Revisiting Stats stabilization

a warning before you start reading this. You can find a more polished version at Nylon Calculus (memo to myself: add link here as soon as you got it). They also published another piece of mine and have a lot of other great stuff. But if I would draw a Venn Diagram of people that read my blog and people that read Nylon Calculus, I am pretty sure that you know all this already...
This version has a bit more (probably boring) details on why I find previously used methods impractical. It also has a bit more shiny plots, which in the end where not helpful for understanding. So, if you are here for the shiny plots scroll down to the end. There is also an R script so that you can produce shiny plots yourself. You can find a github for the R function that I wrote here.
Side note: One reason for this blog entry is that I'm starting to move from Matlab to R. If you find technical flaws in it let me know. :)

Hello everybody,
over the last years there seems to be one main way to estimate the stabilization of a stat, ( http://nyloncalculus.com/2014/08/29/long-take-three-point-shooting-stabilize/ , http://www.fangraphs.com/blogs/stabilizing-statistics-interpreting-early-season-results/ , http://www.baseballprospectus.com/article.php?articleid=17659 ) based on the work of Prof. Dr. Pizza Cutter. While the work itself is technically sound, it has in my opinion several drawbacks. In short, the method is in my opinion unnecessarily complicated, can be easily misleading and is as a result impractical to use. In the following, I will explain these three points of critique, while introducing a simpler and more practical method that works perfectly well for a certain kind of commonly measured data.

1. The method is unnecessarily complicated

This problem actually has been fixed sideways. The originating study “took each player’s plate appearances and numbered them sequentially, from his first to his last. Then split them up into even-numbered and odd-numbered appearances”. This is unnecessarily complicated in the regard that you would need the actual sequential order of outcomes. The idea of the pairwise split means that you want to compare to randomized sub samples against each other. So, you could as well just say that a player that made 30% of 100 threes made the first 30 and missed the other 70, then randomly split those numbers into two subgroups and get the same result.
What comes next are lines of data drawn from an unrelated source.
Lemma mem_seqs_upto (T : finType) n (s : seq T) : size s <= n -> s \in seqs_upto T n.
Proof.
elim: n s => [|n IHn] [|x s] //= hs; rewrite inE; apply/orP; right.
by apply/allpairsP; exists (x, s); rewrite mem_enum IHn.
Qed.

Lemma notuniq_decomp (T : eqType) (l : seq T) :
  ~~ uniq l -> exists a x b r, l = a ++ x :: b ++ x :: r.
Proof.
elim: l => [//|y l IHl] /=; rewrite negb_and negbK => /orP [/splitPr [b r]|/IHl].
  by exists [::], y, b, r.
by move=> [a [x [b [r ->]]]]; exists (y :: a), x, b, r.
Qed.

Lemma cycle_nth_step (T : Type) (x0 : T) (e : rel T) (c : seq T) m :
  cycle e c -> 0 < size c ->
  e (nth x0 c (m %% size c)) (nth x0 c (m.+1 %% size c)).
Proof.
case: c => [//|y b] hc _; set N := size (y :: b).
have hr : m %% N < N by rewrite ltn_pmod.
have -> : m.+1 %% N = (m %% N).+1 %% N by rewrite -addn1 -modnDml addn1.
have := sortedP x0 (hc : sorted e (rcons (y :: b) y)) (m %% N).
rewrite size_rcons ltnS => /(_ hr); rewrite !nth_rcons -/N hr.
move: hr; rewrite leq_eqVlt => /orP [/eqP eqN|lt].
  by rewrite eqN ltnn eqxx modnn.
by rewrite lt (modn_small lt).
Qed.

Section Lasso.
Variables (T : eqType) (x0 : T) (a c : seq T).
Hypothesis c_gt0 : 0 < size c.

Definition lasso (n : nat) : T :=
  if n < size a then nth x0 a n else nth x0 c ((n - size a) %% size c).

Lemma lasso_prefix n : n <= size a -> lasso n = nth x0 (a ++ c) n.
Proof.
rewrite /lasso nth_cat leq_eqVlt => /orP [/eqP->|->] //.
by rewrite ltnn subnn mod0n.
Qed.

Lemma lasso_path (e : rel T) :
  sorted e (a ++ c) -> cycle e c -> forall n, e (lasso n) (lasso n.+1).
Proof.
move=> hac hc n; have [hn|hn] := ltnP n (size a).
  rewrite !lasso_prefix ?(ltnW hn) //; apply: (sortedP x0 hac).
  by rewrite size_cat; lia.
rewrite /lasso ltnNge hn ltnNge (leqW hn) /= subSn //.
exact: cycle_nth_step.
Qed.

Lemma lasso_tail n : size a <= n -> lasso n \in c.
Proof. by move=> hn; rewrite /lasso ltnNge hn /= mem_nth ?ltn_pmod. Qed.

Lemma lasso_recurrent j N : j < size c -> exists n, N <= n /\ lasso n = nth x0 c j.
Proof.
move=> hj; exists (size a + (N * size c + j)); split.
  by rewrite (leq_trans (leq_pmulr N c_gt0)) // addnCA leq_addr.
by rewrite /lasso ltnNge leq_addr /= addKn modnMDl modn_small.
Qed.

Lemma lasso_parity_win0 (f : T -> nat) j :
  j < size c -> ~~ odd (f (nth x0 c j)) ->
  {in c, forall z, f z <= f (nth x0 c j)} ->
  parity_win0 (fun n => f (lasso n)).
Proof.
move=> hj hev hmax; exists (f (nth x0 c j)); split=> //.
  by move=> N; have [n [hn <-]] := lasso_recurrent N hj; exists n.
by move=> k hk; have [n [hn <-]] := hk (size a); apply/hmax/lasso_tail.
Qed.

End Lasso.

Lemma parity_win0_eq f g : f =1 g -> parity_win0 f -> parity_win0 g.
Proof.
move=> fg [k [hk hev hmax]]; exists k; split=> //.
  by move=> N; have [n [hn <-]] := hk N; exists n; rewrite fg.
by move=> k' hk'; apply: hmax => N; have [n [hn <-]] := hk' N; exists n; rewrite fg.
Qed.

Lemma parity_wins_play_eq i f g :
  f =1 g -> parity_wins_play i f -> parity_wins_play i g.
Proof.
rewrite /parity_wins_play => fg; case: ifP => _; first exact: parity_win0_eq.
by move=> nf /(parity_win0_eq (fsym fg)).
Qed.

Lemma ord2_cases (i : 'I_2) : val i = 0 \/ val i = 1.
Proof. by case: i => [[|[|]]] //=; auto. Qed.

Lemma restrict_sub (T : finType) (R : rel T) {own : T -> 'I_2} {i : 'I_2}
    (sigma : rel T) :
  subrel sigma R -> subrel (restrict R own i sigma) R.
Proof. by move=> hsub u w; rewrite /restrict; case: ifP => // _ /hsub. Qed.

Lemma inf_path_Some (T : finType) (G : rel (option T)) s p :
  (forall w, G None w = false) -> inf_path G (Some s) p ->
  inf_path (fun u w => G (Some u) (Some w)) s (fun n => odflt s (p n)) /\
  forall n, p n = Some (odflt s (p n)).
Proof.
move=> hNone [hp0 hp].
have hpS n : p n = Some (odflt s (p n)).
  by case e: (p n) => [v|] //; have := hp n; rewrite e hNone.
by split=> //; split=> [|n]; [rewrite hp0 | rewrite -!hpS].
Qed.

Section Escape.
Variables (V : finType) (E : rel V) (o : V -> 'I_2) (d : nat) (c : V -> 'I_d).
Hypothesis E_total : forall v : V, exists w, E v w.

Local Notation Ebot := (escE E o).
Local Notation obot := (esco o).
Local Notation M := (max_acyclic_value E o c).
Local Notation colour_is k :=
  (fun x : option V => if x is Some w then c w == k else false).

Lemma exists_max_acyclic : exists P, is_max_acyclic E o c P.
Proof.
pose acyclicb (vq : V * seq (option V)) := [&& path Ebot (Some vq.1) vq.2,
  last (Some vq.1) vq.2 == None & uniq (Some vq.1 :: vq.2)].
pose cand := [seq vq <- [seq (v, q) | v <- enum V,
  q <- seqs_upto (option V) #|{: option V}|] | acyclicb vq].
have mem_cand v q : acyclic_bot_path E o v q -> (v, q) \in cand.
  case=> h1 h2 h3; rewrite mem_filter; apply/andP; split.
    by rewrite /acyclicb /= h1 h2 eqxx.
  apply/allpairsP; exists (v, q); rewrite mem_enum mem_seqs_upto //.
  by apply/ltnW; rewrite -[_ < _]/(size (Some v :: q) <= _) -(card_uniqP h3) max_card.
have [hnil|hne] := eqVneq cand [::].
  by exists NegInf; left; split=> // v q /mem_cand; rewrite hnil.
pose f (vq : V * seq (option V)) :=
  [ffun k : 'I_d => Posz (count (colour_is k) (Some vq.1 :: vq.2))].
have [[v q] hin hmax] := prof_argmax_seq f hne.
exists (fin_value c (Some v :: q)); right; split.
  by exists v, q; move: hin; rewrite mem_filter => /andP [/and3P [h1 /eqP h2 h3] _].
by move=> v' q' /mem_cand /hmax.
Qed.

Lemma max_acyclic_valueP : is_max_acyclic E o c M.
Proof. exact: epsilon_spec exists_max_acyclic. Qed.

Lemma acyclic_le_max v q :
  acyclic_bot_path E o v q -> prof_le (fin_value c (Some v :: q)) M.
Proof.
move=> hac; case: max_acyclic_valueP => [[hno _]|[_ hall]]; last exact: hall.
by case: (hno _ _ hac).
Qed.

Lemma max_acyclic_lt_PosInf : prof_lt M PosInf.
Proof. by case: max_acyclic_valueP => [[_ ->]|[[v [q [_ ->]]] _]]. Qed.

Lemma escape_wins_inf_value i p :
  escape_wins_play E o c i (inf_value c p) <->
  parity_wins_play i (fun n => escc c (p n)).
Proof.
rewrite /escape_wins_play /parity_wins_play /inf_value.
have := @max_acyclic_lt_PosInf; have := @prof_lt_NegInf _ M.
by case: excluded_middle_informative => hw; case: ifP => _; split.
Qed.

Lemma fin_value_cycle_lt a cyc r v :
  odd (c v) -> Some v \in cyc -> {in cyc, forall z, escc c z <= c v} ->
  prof_lt (fin_value c (a ++ cyc ++ r)) (fin_value c (a ++ r)).
Proof.
move=> hodd hv hmax.
have hpos : 0 < count (colour_is (c v)) cyc.
  by rewrite -has_count; apply/hasP; exists (Some v).
have hzero (j : 'I_d) : c v < j -> count (colour_is j) cyc = 0.
  move=> hj; apply/eqP; rewrite -leqn0 leqNgt -has_count; apply/hasP.
  case=> [[w|] //= /hmax hw /eqP hcw]; move: hw; rewrite /= hcw; lia.
exists (c v); rewrite !ffunE !count_cat; split.
- by apply/negP => /eqP [] h; lia.
- by move=> j hj; rewrite !ffunE !count_cat hzero.
- by right; split=> //; rewrite ltz_nat; lia.
Qed.

Definition lift_strategy (sigma : rel V) : rel (option V) :=
  fun u w => if (u, w) is (Some u', Some w') then sigma u' w' else false.

Lemma lift_strategyP i sigma :
  is_strategy E o i sigma -> is_strategy Ebot obot i (lift_strategy sigma).
Proof.
case=> hedge hsucc; split=> [[u|] [w|] //= /hedge //|[u|] hu [w hw]].
- by have [w' hw'] := hsucc u hu (E_total u); exists (Some w').
- by case: w hw.
Qed.

Lemma restrict_escape_None i sigma' w :
  subrel sigma' Ebot -> restrict Ebot obot i sigma' None w = false.
Proof.
by move=> hsub; rewrite /restrict; case: ifP => // _; apply/negbTE/negP => /hsub.
Qed.

Lemma lift_strategy_sub sigma : subrel sigma E -> subrel (lift_strategy sigma) Ebot.
Proof. by move=> hsub [u|] [w|] //= /hsub. Qed.

Lemma lift_no_escape0 i sigma s q : val i = 0 ->
  path (restrict Ebot obot i (lift_strategy sigma)) (Some s) q ->
  last (Some s) q != None.
Proof.
move=> hi; case/lastP: q => [|q y] //; rewrite rcons_path last_rcons => /andP [_].
case: (last (Some s) q) => [u|]; last by rewrite /restrict; case: ifP.
case: y => [w|] //; rewrite /restrict /=; case: ifP => // /negbT /eqP hne /eqP h0.
by case: hne; apply: val_inj; rewrite /= h0 hi.
Qed.

Section LiftedPlayer1.
Variables (i : 'I_2) (s : V) (tau : rel V).
Hypothesis i_neq0 : val i != 0.
Hypothesis tau_sub : subrel tau E.
Hypothesis tau_wins : forall p, inf_path (restrict E o i tau) s p ->
  parity_wins_play i (fun n => val (c (p n))).

Local Notation G := (restrict Ebot obot i (lift_strategy tau)).

Lemma lifted_play_loses p : inf_path G (Some s) p ->
  ~ parity_win0 (fun n => escc c (p n)).
Proof.
have hNone w : G None w = false by apply/restrict_escape_None/lift_strategy_sub.
move=> hp; have [hp' hpS] := inf_path_Some hNone hp.
have := tau_wins hp'; rewrite /parity_wins_play (negbTE i_neq0).
by apply: contra_not; apply: parity_win0_eq => n; rewrite hpS.
Qed.

Lemma lifted_cycle_odd a cyc :
  sorted G (a ++ cyc) -> cycle G cyc -> 0 < size cyc ->
  head None (a ++ cyc) = Some s ->
  exists v, [/\ odd (c v), Some v \in cyc & {in cyc, forall z, escc c z <= c v}].
Proof.
move=> hac hcyc hcyc0 hhead.
pose F (j : 'I_(size cyc)) := escc c (nth None cyc j).
have hcard : 0 < #|'I_(size cyc)| by rewrite card_ord.
have [j hj] := bigop.eq_bigmax F hcard.
have hmax : {in cyc, forall z, escc c z <= F j}.
  move=> z zin; have zidx : index z cyc < size cyc by rewrite index_mem.
  by rewrite -hj -(nth_index None zin); exact: (@leq_bigmax _ F (Ordinal zidx)).
have hodd : odd (F j).
  apply/negPn/negP => hev; apply: (@lifted_play_loses (lasso None a cyc)).
    by split=> [|n]; [rewrite lasso_prefix // nth0 | apply: lasso_path].
  exact: lasso_parity_win0 (ltn_ord j) hev hmax.
(* The maximum is not attained at bot, whose colour 0 is even. *)
move: hodd hmax; rewrite /F; case hjv: (nth None cyc j) => [v|] // hodd hmax.
by exists v; split=> //; rewrite -hjv mem_nth.
Qed.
In later studies, the whole process was made more technically sound and 'simplified', using the Kuder and Richardson Formula 21 (KR 21). I am not sure if simplified is the correct term, because literature like this is not what I would call simple (even gorier vortexes ahead! http://www.real-statistics.com/reliability/kuder-richardson-formula-20/ http://www.education.uiowa.edu/docs/default-source/casma-technotes/technote02.pdf?sfvrsn=2 ). There is one additional complication with this method. The idea of KR 21 is to estimate the internal consistence of a given data set. Studies on stats stabilization turn this question around and increase the data set to see at how many observations per test object KR 21 reaches a value that is deemed '50% signal 50% noise'. This can of course easily lower your number of test objects. For three pointers for example, this number was found to stabilize at 750 attempts. That will most likely decrease the number of bad three point shooters, as those won't be allowed to freely fire away and therefore make the group of controlled players more homogeneous. This leads to the second problem of the methods

2. The method can be easily misleading

Reading a few of the articles that use this method, I have the impression that the authors themselves are not 100% sure what the stabilization point of the KR-21/ pizza cutter implies. The 'number of attempts' value is easily misread as 'please wait approximately X number of attempts before you say anything about a specific player'. A more correct understanding of the value is 'ON AVERAGE you need X attempts of a test object to reliably asses if a player is above or below average'.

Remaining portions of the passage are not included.